Ultimately, though the decision to vote in our out is less to do with profits and losses (as the number of variables are too high) and more to do with personal values, ideals and notions of identity.
From Ken Robinson CBE FTS (pre-referendum 29/4/16)
The formal campaign has started, but we wait in vain for any clarity from Government about what significant policy changes it would make, if Brexit becomes a reality. There has been a lot of conjecture, but little fact. Most statements about the difference being in or out of EU would make for Britain are made on baseless predictions of possible change. For most industrial sectors, there is an expectation that being freed from EU regulations and taxes could benefit industry. Yet in tourism, the negative policies acting on UK tourism are imposed by the UK Government: punitive APD, high rate VAT on tourism products and a non-Schengen visa regime. If that is what the Government choose to do when we are in, why would they do less if we come out? Some industries worry about the potential reductions of the freedom of labour movement, and the ability to find applicants for the more mundane roles in hospitality and other service businesses. It seems that after Brexit the UK would have to accept the free movement of labour in order to be granted workable trade arrangements with EU markets. Some EU regulations have greatly benefited tourism, such as the liberalisation of air travel, and the resultant growth of budget airlines - but none of the airlines that operate from and to the UK and other EU destinations expect to change anything if Brexit occurs.

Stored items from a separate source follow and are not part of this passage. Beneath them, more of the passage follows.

(* Let $\mathcal H$ be a real Hilbert space. Let $(T_i)_{i\in I}$ be a finite family of nonexpansive operators from $\mathcal H$ to $\mathcal H$ such that $\bigcap_{i\in I}\mathrm{Fix}\,T_i\neq\varnothing$, and let $(\alpha_i)_{i\in I}$ be real numbers in $\left]0,1\right[$ such that, for every $i\in I$, $T_i$ is $\alpha_i$-averaged. Let $p$ be a strictly positive integer, for every $k\in\{1,\ldots,p\}$ let $m_k$ be a strictly positive integer and let $\omega_k\in\left]0,1\right]$, and suppose that $\mathrm{i}\colon\{(k,l)\mid k\in\{1,\ldots,p\},\,l\in\{1,\ldots,m_k\}\}\to I$ is surjective and that $\sum_{k=1}^{p}\omega_k=1$. Define $$T=\sum_{k=1}^{p}\omega_kT_{\mathrm{i}(k,1)}\cdots T_{\mathrm{i}(k,m_k)}.$$ Then: (i) Setting $$\alpha=\sum_{k=1}^{p}\dfrac{\omega_k}{1+\dfrac{1}{\sum_{i=1}^{m_k}\dfrac{\alpha_{\mathrm{i}(k,i)}}{1-\alpha_{\mathrm{i}(k,i)}}}},$$ $T$ is $\alpha$-averaged and $\mathrm{Fix}\,T=\bigcap_{i\in I}\mathrm{Fix}\,T_i$. (ii) Let $(\lambda_n)_{n\in\mathbb N}$ be a sequence in $\left]0,1/\alpha\right[$ (with $\alpha$ as in (i)) such that $\sum_{n\in\mathbb N}\lambda_n(1/\alpha-\lambda_n)=+\infty$, let $x_0\in\mathcal H$, and set $x_{n+1}=x_n+\lambda_n(Tx_n-x_n)$ for every $n\in\mathbb N$. Then $(x_n)_{n\in\mathbb N}$ converges weakly to a point in $\bigcap_{i\in I}\mathrm{Fix}\,T_i$.
   Context: An operator $T\colon D\to\mathcal H$ ($D\subset\mathcal H$ nonempty) is nonexpansive if it is 1-Lipschitz. For $\alpha\in\left]0,1\right[$, a nonexpansive $T$ is $\alpha$-averaged if there exists a nonexpansive $R\colon D\to\mathcal H$ with $T=(1-\alpha)\mathrm{Id}+\alpha R$. $\mathrm{Fix}\,T=\{x\mid Tx=x\}$. *)

From mathcomp Require Import all_boot all_order all_algebra.
From mathcomp Require Import all_classical all_reals all_analysis.
Set Implicit Arguments. Unset Strict Implicit. Unset Printing Implicit Defensive.
Import Order.TTheory GRing.Theory Num.Theory.
Import numFieldNormedType.Exports.
Local Open Scope classical_set_scope.
Local Open Scope ring_scope.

So the key concerns appear to be two: the loss of grant aid from EU programmes which have benefited Tourism over the year: such as ERDF, Leader, Interreg etc and participation in EU wide schemes such as Erasmus. The UK has received limited benefit from most such schemes compared with others, such as Ireland, which have been voracious applicants. However, post-Brexit the UK would no longer contribute billions annually to the EU coffers, so those funds would be available for UK economic, cultural and social purposes. In the realms of conjecture, surely a post-Brexit UK Government would not want our businesses to be worse off than if EU funding eligibility remained, and maybe stimulus funding would be more intelligently applied? But judging by recent DCMS policy and funding changes, even when free from EU considerations, logical outcomes are neither guaranteed, nor even likely. So what do we know for sure about tourism consequences in a post-Brexit world?...very little.